Appeal by the defendant from a judgment of the Supreme Court, Kings County (Mangano, Jr., J.), rendered November 5, 2004, convicting him of criminal sale of a controlled substance in or near school grounds, criminal possession of a controlled substance in the third degree, and criminal possession of a controlled substance in the fifth degree, upon a jury verdict, and imposing sentence. The appeal brings up for review the denial, after a hearing (Marrero, J.), of that branch of the defendant’s omnibus motion which was to suppress physical evidence.

Ordered that the judgment is affirmed.

The defendant’s claim that the testimony at the suppression hearing failed to establish probable cause for his arrest is unpreserved for appellate review (see CPL 470.05 [2]; see also People v Walker, 251 AD2d 356, 357 [1998]).

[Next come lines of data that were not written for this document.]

(* Let $G$ be a co-bipartite graph whose vertex set is partitioned into cliques $A$ and $B$ with $|A|=n_1$ and $|B|=n_2$. Suppose there is a numbering of the vertices, $A=\{1,\dots,n_1\}$ and $B=\{1',\dots,n_2'\}$, which satisfies the Bi-Consecutive Adjacency Property. Then $G$ is a circular arc graph.
   Context: A circular arc graph is the intersection graph of a finite family of arcs of a circle. Bi-Consecutive Adjacency Property: given a partition $V(G)=A\cup B$ with vertices of $A$ numbered $1,\dots,n_1$ and vertices of $B$ numbered $1',\dots,n_2'$, the numbering satisfies the property if for every $i\in A$ and $j'\in B$ with $i$ adjacent to $j'$, either (a) $j'$ is adjacent to every $k\in A$ with $1\le k\le i$, or (b) $i$ is adjacent to every $k'\in B$ with $1'\le k'\le j'$. *)

From mathcomp Require Import all_boot.
From Stdlib Require Import Reals ZArith.
Set Implicit Arguments. Unset Strict Implicit. Unset Printing Implicit Defensive.

Definition simple_graph (V : finType) (adj : rel V) : Prop :=
  (forall u v, adj u v = adj v u) /\ (forall u, ~~ adj u u).

(* The circle is R/Z.  A (closed) arc is given by a start point s and a length
   l with 0 <= l <= 1 (l = 0: a single point, l = 1: the whole circle);
   a real x (representing a point of R/Z) lies on the arc iff some
   integer translate x + k lies in [s, s + l]. *)
Definition on_arc (arc : R * R) (x : R) : Prop :=
  exists k : Z, (arc.1 <= x + IZR k <= arc.1 + arc.2)%R.

Definition is_arc (arc : R * R) : Prop := (0 <= arc.2 <= 1)%R.

Definition arcs_meet (a1 a2 : R * R) : Prop :=
  exists x : R, on_arc a1 x /\ on_arc a2 x.

Definition circular_arc_graph (V : finType) (adj : rel V) : Prop :=
  exists f : V -> R * R,
    (forall v, is_arc (f v)) /\
    (forall u v, u != v -> (adj u v <-> arcs_meet (f u) (f v))).

Definition clique (V : finType) (adj : rel V) (S : {set V}) : Prop :=
  forall u v, u \in S -> v \in S -> u != v -> adj u v.

(* Bi-Consecutive Adjacency Property for numberings a : 'I_n1 -> A and
   b : 'I_n2 -> B (indices shifted to start at 0). *)
Definition BCAP (V : finType) (adj : rel V) (n1 n2 : nat)
    (a : 'I_n1 -> V) (b : 'I_n2 -> V) : Prop :=
  forall (i : 'I_n1) (j : 'I_n2), adj (a i) (b j) ->
    (forall k : 'I_n1, k <= i -> adj (b j) (a k)) \/
    (forall k : 'I_n2, k <= j -> adj (a i) (b k)).

From mathcomp Require Import all_boot.
From Stdlib Require Import Reals ZArith Lra Lia.

Set Implicit Arguments.
Unset Strict Implicit.
Unset Printing Implicit Defensive.

(* By the property, every edge i--j' between the cliques is explained by a
   prefix: either j' sees all of 1..i, or i sees all of 1'..j'.  Hence
   i ~ j' iff i < c(j') or j' < d(i), where c(j') (resp. d(i)) is the length
   of the longest prefix of A (resp. B) seen by j' (resp. i).  Such threshold
   adjacencies are realised on the circle by placing every arc of A around 0
   and every arc of B around 1/2: the A-arc of i reaches beyond 1/4 to the
   right by an amount decreasing in i and to the left by an amount increasing
   in d(i), and symmetrically for B, so that the two arcs overlap near 1/4
   iff i < c(j') and near 3/4 iff j' < d(i). *)

Definition centered_arc (c l r : R) : R * R := (c - l, l + r)%R.

Lemma arcs_meet_sym a1 a2 : arcs_meet a1 a2 -> arcs_meet a2 a1.
Proof. by case=> x [H1 H2]; exists x. Qed.

Lemma centered_arcs_meet c l r l' r' :
  (0 <= l)%R -> (0 <= r)%R -> (0 <= l')%R -> (0 <= r')%R ->
  arcs_meet (centered_arc c l r) (centered_arc c l' r').
Proof. by move=> *; exists c; split; exists 0%Z; rewrite /= Rplus_0_r; lra. Qed.

Lemma antipodal_arcs_meet l r l' r' :
  (0 <= l < 1/2)%R -> (0 <= r < 1/2)%R -> (0 <= l' < 1/2)%R -> (0 <= r' < 1/2)%R ->
  arcs_meet (centered_arc 0 l r) (centered_arc (1/2) l' r') <->
  (1/2 <= r + l' \/ 1/2 <= r' + l)%R.
Proof.
move=> Hl Hr Hl' Hr'; split.
- case=> x [[k1 H1] [k2 H2]]; rewrite /= in H1 H2.
  have Hlo : (-1 < IZR (k2 - k1))%R by rewrite minus_IZR; lra.
  have Hhi : (IZR (k2 - k1) < 2)%R by rewrite minus_IZR; lra.
  apply lt_IZR in Hlo; apply lt_IZR in Hhi.
  (* the two translates differ by 0 (overlap near 1/4) or 1 (near 3/4) *)
  have [E|E] : (k2 = k1 \/ k2 = k1 + 1)%Z by lia.
  + by subst k2; lra.
  + by subst k2; rewrite plus_IZR in H2; lra.
- case=> H.
  + by exists r; split; exists 0%Z; rewrite /=; lra.
  + by exists (- l)%R; split; [exists 0%Z | exists 1%Z]; rewrite /=; lra.
Qed.

Lemma ltn_bigmax_downclosed n (P : pred 'I_n) :
  (forall i k : 'I_n, k <= i -> P i -> P k) ->
  forall i, P i = (i < \max_(k | P k) k.+1).
Proof.
move=> downP i; apply/idP/idP => [Pi|].
  exact: (@leq_bigmax_cond _ P (fun k => (nat_of_ord k).+1) i Pi).
apply: contraLR => notPi; rewrite -leqNgt; apply/bigmax_leqP => k Pk.
by rewrite ltnNge; apply: contra notPi => /downP; apply.
Qed.

Lemma bigmax_succ_ord_leq n (P : pred 'I_n) : \max_(k | P k) k.+1 <= n.
Proof. by apply/bigmax_leqP => k _; apply: ltn_ord. Qed.

Lemma BCAP_threshold (V : finType) (adj : rel V) n1 n2
    (a : 'I_n1 -> V) (b : 'I_n2 -> V) :
  (forall u v, adj u v = adj v u) -> BCAP adj a b ->
  exists (c : 'I_n2 -> nat) (d : 'I_n1 -> nat),
    [/\ forall j, c j <= n1, forall i, d i <= n2 &
        forall i j, adj (a i) (b j) = (i < c j) || (j < d i)].
Proof.
move=> adjC bcap.
pose seenA j := [pred i : 'I_n1 | [forall k : 'I_n1, (k <= i) ==> adj (b j) (a k)]].
pose seenB i := [pred j : 'I_n2 | [forall k : 'I_n2, (k <= j) ==> adj (a i) (b k)]].
exists (fun j => \max_(i | seenA j i) i.+1), (fun i => \max_(j | seenB i j) j.+1).
split=> [j|i|i j]; rewrite ?bigmax_succ_ord_leq //.
have downA (i1 i2 : 'I_n1) : i2 <= i1 -> seenA j i1 -> seenA j i2.
  move=> le_i21 /forallP seen; apply/forallP => k; apply/implyP => le_k2.
  exact: (implyP (seen k) (leq_trans le_k2 le_i21)).
have downB (j1 j2 : 'I_n2) : j2 <= j1 -> seenB i j1 -> seenB i j2.
  move=> le_j21 /forallP seen; apply/forallP => k; apply/implyP => le_k2.
  exact: (implyP (seen k) (leq_trans le_k2 le_j21)).
rewrite -(ltn_bigmax_downclosed downA) -(ltn_bigmax_downclosed downB).
apply/idP/orP => [/(bcap i j) [seen|seen]|[/forallP/(_ i)|/forallP/(_ j)]].
- by left; apply/forallP => k; apply/implyP/seen.
- by right; apply/forallP => k; apply/implyP/seen.
- by rewrite leqnn adjC.
- by rewrite leqnn.
Qed.

Lemma quarters_le (e : R) p q : (0 < e)%R ->
  (1/2 <= 1/4 - INR p * e + (1/4 + INR q * e))%R <-> p <= q.
Proof.
move=> e_gt0; split=> [H|/leP/le_INR H].
- apply/leP/INR_le/Rnot_lt_le => lt_qp.
  have : (INR q * e < INR p * e)%R by apply: Rmult_lt_compat_r.
  lra.
- have : (INR p * e <= INR q * e)%R by apply: Rmult_le_compat_r; lra.
  lra.
Qed.

Section ThresholdArcs.
Variables (n1 n2 : nat) (c : 'I_n2 -> nat) (d : 'I_n1 -> nat).
Hypotheses (c_le : forall j, c j <= n1) (d_le : forall i, d i <= n2).

(* The integers scaled below are at most n1 + n2, so all arc lengths stay in
   [1/8, 3/8]; the successor only guards against dividing by 0. *)
Definition threshold_unit : R := / (8 * INR (n1 + n2).+1).

Definition threshold_arcA (i : 'I_n1) : R * R :=
  centered_arc 0 (1/4 + INR (d i) * threshold_unit) (1/4 - INR i.+1 * threshold_unit).

Definition threshold_arcB (j : 'I_n2) : R * R :=
  centered_arc (1/2) (1/4 + INR (c j) * threshold_unit) (1/4 - INR j.+1 * threshold_unit).

Lemma threshold_unit_gt0 : (0 < threshold_unit)%R.
Proof. by apply/Rinv_0_lt_compat/Rmult_lt_0_compat; [lra | apply: lt_0_INR; lia]. Qed.

Lemma threshold_shift_bounds m : m <= n1 + n2 ->
  (0 <= INR m * threshold_unit <= 1/8)%R.
Proof.
move=> /leP le_m; have e_gt0 := threshold_unit_gt0.
have N_gt0 : (0 < INR (n1 + n2).+1)%R by apply: lt_0_INR; lia.
split; first by apply: Rmult_le_pos; [apply: pos_INR | lra].
have <- : (INR (n1 + n2).+1 * threshold_unit = 1/8)%R
  by rewrite /threshold_unit; field; lra.
by apply: Rmult_le_compat_r; [lra | apply: le_INR; lia].
Qed.

Lemma threshold_lengths_bounds m k : m <= n1 + n2 -> k < n1 + n2 ->
  (1/4 <= 1/4 + INR m * threshold_unit <= 3/8)%R /\
  (1/8 <= 1/4 - INR k.+1 * threshold_unit <= 1/4)%R.
Proof.
move=> le_m lt_k; have := threshold_shift_bounds le_m.
by have := threshold_shift_bounds lt_k; lra.
Qed.

Lemma threshold_arcA_bounds i :
  (1/4 <= 1/4 + INR (d i) * threshold_unit <= 3/8)%R /\
  (1/8 <= 1/4 - INR i.+1 * threshold_unit <= 1/4)%R.
Proof.
apply: threshold_lengths_bounds; first exact: leq_trans (d_le i) (leq_addl _ _).
exact: leq_trans (ltn_ord i) (leq_addr _ _).
Qed.

Lemma threshold_arcB_bounds j :
  (1/4 <= 1/4 + INR (c j) * threshold_unit <= 3/8)%R /\
  (1/8 <= 1/4 - INR j.+1 * threshold_unit <= 1/4)%R.
Proof.
apply: threshold_lengths_bounds; first exact: leq_trans (c_le j) (leq_addr _ _).
exact: leq_trans (ltn_ord j) (leq_addl _ _).
Qed.

Lemma threshold_arcA_is_arc i : is_arc (threshold_arcA i).
Proof. by have := threshold_arcA_bounds i; rewrite /is_arc /=; lra. Qed.

Lemma threshold_arcB_is_arc j : is_arc (threshold_arcB j).
Proof. by have := threshold_arcB_bounds j; rewrite /is_arc /=; lra. Qed.

Lemma threshold_arcsA_meet i i' : arcs_meet (threshold_arcA i) (threshold_arcA i').
Proof.
have := threshold_arcA_bounds i; have := threshold_arcA_bounds i'.
by move=> *; apply: centered_arcs_meet; lra.
Qed.

Lemma threshold_arcsB_meet j j' : arcs_meet (threshold_arcB j) (threshold_arcB j').
Proof.
have := threshold_arcB_bounds j; have := threshold_arcB_bounds j'.
by move=> *; apply: centered_arcs_meet; lra.
Qed.

Lemma threshold_arcsAB_meet i j :
  arcs_meet (threshold_arcA i) (threshold_arcB j) <-> (i < c j) || (j < d i).
Proof.
have := threshold_arcA_bounds i; have := threshold_arcB_bounds j => *.
have e_gt0 := threshold_unit_gt0.
rewrite antipodal_arcs_meet ?quarters_le //; try lra.
by split=> [[]|/orP[]] ->; rewrite ?orbT; auto.
Qed.

End ThresholdArcs.

Lemma inj_card_onto (T : finType) n (f : 'I_n -> T) (S : {set T}) :
  injective f -> (forall i, f i \in S) -> #|S| = n ->
  forall v, v \in S -> exists i, f i = v.
Proof.
move=> inj_f fS cardS v.
have -> : S = [set f i | i in 'I_n].
  apply/esym/eqP; rewrite eqEcard card_imset // card_ord cardS leqnn andbT.
  by apply/subsetP => _ /imsetP[i _ ->].
by case/imsetP => i _ ->; exists i.
Qed.

Section CoBipartiteArcs.
Variables (V : finType) (adj : rel V) (A B : {set V}) (n1 n2 : nat).
Variables (a : 'I_n1 -> V) (b : 'I_n2 -> V).
Hypotheses (adjC : forall u v, adj u v = adj v u) (coverAB : A :|: B = [set: V]).
Hypotheses (cliqueA : clique adj A) (cliqueB : clique adj B).
Hypotheses (cardA : #|A| = n1) (cardB : #|B| = n2).
Hypotheses (inj_a : injective a) (aA : forall i, a i \in A).
Hypotheses (inj_b : injective b) (bB : forall j, b j \in B).
Variables (fA : 'I_n1 -> R * R) (fB : 'I_n2 -> R * R).
Hypotheses (fA_arc : forall i, is_arc (fA i)) (fB_arc : forall j, is_arc (fB j)).
Hypotheses (fA_meet : forall i i', arcs_meet (fA i) (fA i')).
Hypotheses (fB_meet : forall j j', arcs_meet (fB j) (fB j')).
Hypothesis fAB_meet : forall i j, arcs_meet (fA i) (fB j) <-> adj (a i) (b j).

Definition cobipartite_arc (v : V) : R * R :=
  if [pick i | a i == v] is Some i then fA i
  else if [pick j | b j == v] is Some j then fB j else (0, 0)%R (* unreachable *).

Variant cobipartite_arc_spec (v : V) : R * R -> Prop :=
  | ArcA i of a i = v : cobipartite_arc_spec v (fA i)
  | ArcB j of b j = v : cobipartite_arc_spec v (fB j).

Lemma cobipartite_arcP v : cobipartite_arc_spec v (cobipartite_arc v).
Proof.
rewrite /cobipartite_arc; case: pickP => [i /eqP|notA]; first exact: ArcA.
case: pickP => [j /eqP|notB]; first exact: ArcB.
have : v \in A :|: B by rewrite coverAB inE.
case/setUP => [/(inj_card_onto inj_a aA cardA) | /(inj_card_onto inj_b bB cardB)] [k def_v].
- by have := notA k; rewrite /= def_v eqxx.
- by have := notB k; rewrite /= def_v eqxx.
Qed.

Lemma cobipartite_circular_arc : circular_arc_graph adj.
Proof.
exists cobipartite_arc; split=> [v|u v].
  by case: cobipartite_arcP.
case: cobipartite_arcP => [i <-|j <-]; case: cobipartite_arcP => [i' <-|j' <-] neq.
- by split=> _; [apply: fA_meet | apply: cliqueA].
- by rewrite fAB_meet.
- by rewrite adjC -fAB_meet; split; apply: arcs_meet_sym.
- by split=> _; [apply: fB_meet | apply: cliqueB].
Qed.

End CoBipartiteArcs.

Theorem lemma3 (V : finType) (adj : rel V) (A B : {set V})
    (n1 n2 : nat) (a : 'I_n1 -> V) (b : 'I_n2 -> V) :
  simple_graph adj ->
  A :&: B = set0 -> A :|: B = [set: V] ->
  clique adj A -> clique adj B ->
  #|A| = n1 -> #|B| = n2 ->
  injective a -> (forall i, a i \in A) ->
  injective b -> (forall j, b j \in B) ->
  BCAP adj a b ->
  circular_arc_graph adj.
Proof.
move=> [adjC _] _ coverAB cliqueA cliqueB cardA cardB inj_a aA inj_b bB bcap.
have [c [d [c_le d_le adj_threshold]]] := BCAP_threshold adjC bcap.
apply: (cobipartite_circular_arc adjC coverAB cliqueA cliqueB cardA cardB
          inj_a aA inj_b bB (fA := threshold_arcA n2 d) (fB := threshold_arcB n1 c)).
- exact: threshold_arcA_is_arc.
- exact: threshold_arcB_is_arc.
- exact: threshold_arcsA_meet.
- exact: threshold_arcsB_meet.
- by move=> i j; rewrite threshold_arcsAB_meet // adj_threshold.
Qed.
(* In the setting below, let $c'\in\{s,\dots,c\}$ be such that $\Phi_1,\dots,\Phi_{c'}$ are exactly those among $\Phi_1,\dots,\Phi_c$ all of whose coordinates have non-negative valuation, and set $\varphi_i=\ell_0(\Phi_i)\in\overline{\mathbb{K}}^N$ for $i\le c'$. Then for all $i\in\{1,\dots,s\}$ and $i'\in\{s+1,\dots,c'\}$ we have $\varphi_i\ne\varphi_{i'}$.
   Context: Setting: $\mathbb{K}$ a perfect field, $\mathbf{n}=(n_1,\dots,n_m)$, $N=\sum n_j$, variables $\mathbf{X}_j=(X_{j,1},\dots,X_{j,n_j})$; $\mathbf{f}=(f_1,\dots,f_N)\subset\mathbb{K}[\mathbf{X}]$ non-constant with multi-degrees at most $\mathbf{d}=(\underline{d}_1,\dots,\underline{d}_N)$, $\underline{d}_i=(d_{i,1},\dots,d_{i,m})$; $\mathbb{K}$ of characteristic zero or at least $\max_j\sum_i d_{i,j}$. Start system $\mathbf{g}$: $g_i=\prod_{j=1}^m\prod_{k=0}^{d_{i,j}-1}\kappa_{k+d_{1,j}+\cdots+d_{i-1,j}}(\mathbf{X}_j)$ with $\kappa_r(\mathbf{X}_j)=X_{j,1}+rX_{j,2}+\cdots+r^{n_j-1}X_{j,n_j}+r^{n_j}$; it has $c=\mathscr{C}_{\mathbf{n}}(\mathbf{d})$ nondegenerate roots, where $\mathscr{C}_{\mathbf{n}}(\mathbf{d})$ is the sum of the coefficients of $\prod_i(d_{i,1}\vartheta_1+\cdots+d_{i,m}\vartheta_m)\bmod\langle\vartheta_j^{n_j+1}\rangle_j$. Let $\tau=t-1$ and $\mathbf{homot}=t\mathbf{f}+(1-t)\mathbf{g}$ written in $\tau$; $D$ is its Jacobian determinant w.r.t. $\mathbf{X}$, and $\mathfrak{Z}$ is the zero-set, over an algebraic closure of $\overline{\mathbb{K}}((\tau))$, of $\langle\mathbf{homot}\rangle:D^\infty$; it is assumed (as ensured by choosing a linear form separating the roots of $\mathbf{g}$) that $\mathfrak{Z}$ has exactly $c$ points. Let $\mathbb{L}$ be the field of generalized power series $\sum_{i\in I}a_i\tau^i$, $a_i\in\overline{\mathbb{K}}$, with $I\subset\mathbb{Q}$ well-ordered; it contains an algebraic closure of $\overline{\mathbb{K}}((\tau))$. The valuation $\nu(F)$ of nonzero $F\in\mathbb{L}$ is the least exponent with nonzero coefficient; for $\nu(F)\ge0$, $\ell_0(F)$ is the coefficient of $\tau^0$ (extended coordinatewise to vectors). Let $Z(\mathbf{f})=\{\varphi_1,\dots,\varphi_s\}$ be the common zeros of $\mathbf{f}$ in $\overline{\mathbb{K}}^N$ where the Jacobian of $\mathbf{f}$ is invertible, and for $i\le s$ let $\Phi_i\in\overline{\mathbb{K}}[[\tau]]^N$ be the unique power series vector cancelling $\mathbf{homot}$ with $\ell_0(\Phi_i)=\varphi_i$. The points of $\mathfrak{Z}$ are written $\Phi_1,\dots,\Phi_c\in\mathbb{L}^N$, the first $s$ being these power series, and indexed so that the points with all coordinates of non-negative valuation come first. *)

From HB Require Import structures.
From mathcomp Require Import all_boot all_order all_algebra all_field.
From mathcomp Require Import mpoly.

Set Implicit Arguments.
Unset Strict Implicit.
Unset Printing Implicit Defensive.

Import Order.TTheory GRing.Theory Num.Theory.
Local Open Scope ring_scope.

Definition perfect_field (K : fieldType) : Prop :=
  forall p : nat, p \in [pchar K] -> forall x : K, exists y : K, y ^+ p = x.

Definition is_algebraic_closure (K : fieldType) (F : closedFieldType)
  (iota : {rmorphism K -> F}) : Prop :=
  forall x : F, exists2 p : {poly K}, p != 0 & root (map_poly iota p) x.

(* Variable blocks: N = n_1 + ... + n_m variables, the block X_j       *)
(* consisting of the variables numbered offs n j + k, k < n j.         *)

Definition Ntot (m : nat) (n : 'I_m -> nat) : nat := (\sum_(j < m) n j)%N.

Definition offs (m : nat) (n : 'I_m -> nat) (j : 'I_m) : nat :=
  (\sum_(j' < m | (j' < j)%N) n j')%N.

(* the variable X_{j,k} (k numbered from 0); the index is always in     *)
(* range, the default 0 is never used.                                  *)
Definition Xv (R : nzRingType) (m : nat) (n : 'I_m -> nat) (j : 'I_m) (k : nat)
  : {mpoly R[Ntot n]} :=
  oapp (fun i : 'I_(Ntot n) => 'X_i) 0 (insub (offs n j + k)%N).
Arguments Xv R {m} n j k.

Definition bdeg (m : nat) (n : 'I_m -> nat) (j : 'I_m)
  (mo : 'X_{1..Ntot n}) : nat :=
  (\sum_(k < n j) oapp (fun i : 'I_(Ntot n) => mo i) 0%N
                      (insub (offs n j + k)%N))%N.
Arguments bdeg {m} n j mo.

Definition multideg_le (R : nzRingType) (m : nat) (n : 'I_m -> nat)
  (p : {mpoly R[Ntot n]}) (dd : 'I_m -> nat) : Prop :=
  forall mo, mo \in msupp p -> forall j, (bdeg n j mo <= dd j)%N.
Arguments multideg_le {R m} n p dd.

Definition nonconstant (R : nzRingType) (N : nat) (p : {mpoly R[N]}) : Prop :=
  exists2 mo, mo \in msupp p & mo != 0%MM.

Definition jacdet (R : comRingType) (N : nat) (h : 'I_N -> {mpoly R[N]})
  : {mpoly R[N]} :=
  \det (\matrix_(i < N, k < N) mderiv k (h i)).

(* The multihomogeneous Bezout number C_n(d): sum of the coefficients  *)
(* of prod_i (d_{i,1} th_1 + ... + d_{i,m} th_m) mod <th_j^(n_j+1)>.   *)

Definition bezout_poly (m : nat) (n : 'I_m -> nat) (d : 'I_(Ntot n) -> 'I_m -> nat)
  : {mpoly int[m]} :=
  \prod_(i < Ntot n) \sum_(j < m) (d i j)%:R *: 'X_j.

Definition Cnd (m : nat) (n : 'I_m -> nat) (d : 'I_(Ntot n) -> 'I_m -> nat) : nat :=
  (\sum_(mo <- msupp (bezout_poly d) | [forall j, (mo j <= n j)%N])
     `|(bezout_poly d)@_mo|)%N.

Definition kappa (K : fieldType) (m : nat) (n : 'I_m -> nat) (r : nat) (j : 'I_m)
  : {mpoly K[Ntot n]} :=
  \sum_(l < n j) ((r%:R : K) ^+ l) *: Xv K n j l + ((r%:R : K) ^+ n j)%:MP.

Definition startsys (K : fieldType) (m : nat) (n : 'I_m -> nat)
  (d : 'I_(Ntot n) -> 'I_m -> nat) (i : 'I_(Ntot n)) : {mpoly K[Ntot n]} :=
  \prod_(j < m) \prod_(k < d i j)
     kappa K n (k + \sum_(i' < Ntot n | (i' < i)%N) d i' j)%N j.
Arguments startsys K {m} n d i.

(* Abstract description of the field L of generalized power series     *)
(* sum_{i in I} a_i tau^i (a_i in Kbar = F, I subset Q well ordered):  *)
(* emb : F -> L (constants), the element tau, the valuation nu (only   *)
(* meaningful on nonzero elements; nu 0 = +oo by convention) and the   *)
(* map l0 (coefficient of tau^0, defined on elements of valuation      *)

Definition vnonneg (L : fieldType) (nu : L -> rat) (x : L) : Prop :=
  x = 0 \/ 0 <= nu x.

Record hahn_like (F L : fieldType) (emb : {rmorphism F -> L}) (tau : L)
  (nu : L -> rat) (l0 : L -> F) : Prop := HahnLike {
  nuM : forall x y, x != 0 -> y != 0 -> nu (x * y) = nu x + nu y;
  nuD : forall x y, x != 0 -> y != 0 -> x + y != 0 ->
          Num.min (nu x) (nu y) <= nu (x + y);
  nu_emb : forall c, c != 0 -> nu (emb c) = 0;
  tau_neq0 : tau != 0;
  nu_tau : nu tau = 1;
  nu_surj : forall q : rat, exists2 x, x != 0 & nu x = q;
  l0_emb : forall c, l0 (emb c) = c;
  l0D : forall x y, vnonneg nu x -> vnonneg nu y -> l0 (x + y) = l0 x + l0 y;
  l0M : forall x y, vnonneg nu x -> vnonneg nu y -> l0 (x * y) = l0 x * l0 y;
  l0_eq0 : forall x, vnonneg nu x -> (l0 x = 0 <-> (x = 0 \/ 0 < nu x))
}.

Definition is_power_series (F L : fieldType) (emb : {rmorphism F -> L}) (tau : L)
  (nu : L -> rat) (a : nat -> F) (x : L) : Prop :=
  forall K : nat,
    let r := x - \sum_(k < K) emb (a k) * tau ^+ k in r = 0 \/ K%:Q <= nu r.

In any event, this contention is without merit. Under the “fellow officer” rule, a police officer can make a lawful arrest even without personal knowledge sufficient to establish probable cause, so long as the officer is acting as a result of communication with a fellow officer in possession of information sufficient to constitute probable cause for the arrest (see People v Ketcham, 93 NY2d 416, 419-420 [1999]). Under such circumstances, an officer who witnesses the sale of narcotics need not communicate the details of the transaction to the arresting officers so long as the observing officer uses language understood by the arresting officers to mean he witnessed an exchange of drugs for money (see People v Washington, 87 NY2d 945, 947 [1996]; see also People v Maldonado, 86 NY2d 631, 636 [1995]). Here, the communication of the officer who observed the defendant exchange drugs for money was sufficient to establish probable cause for the arrest of the defendant.

The defendant’s remaining contention is without merit. Schmidt, J.E, Santucci, Lifson and Lunn, JJ., concur.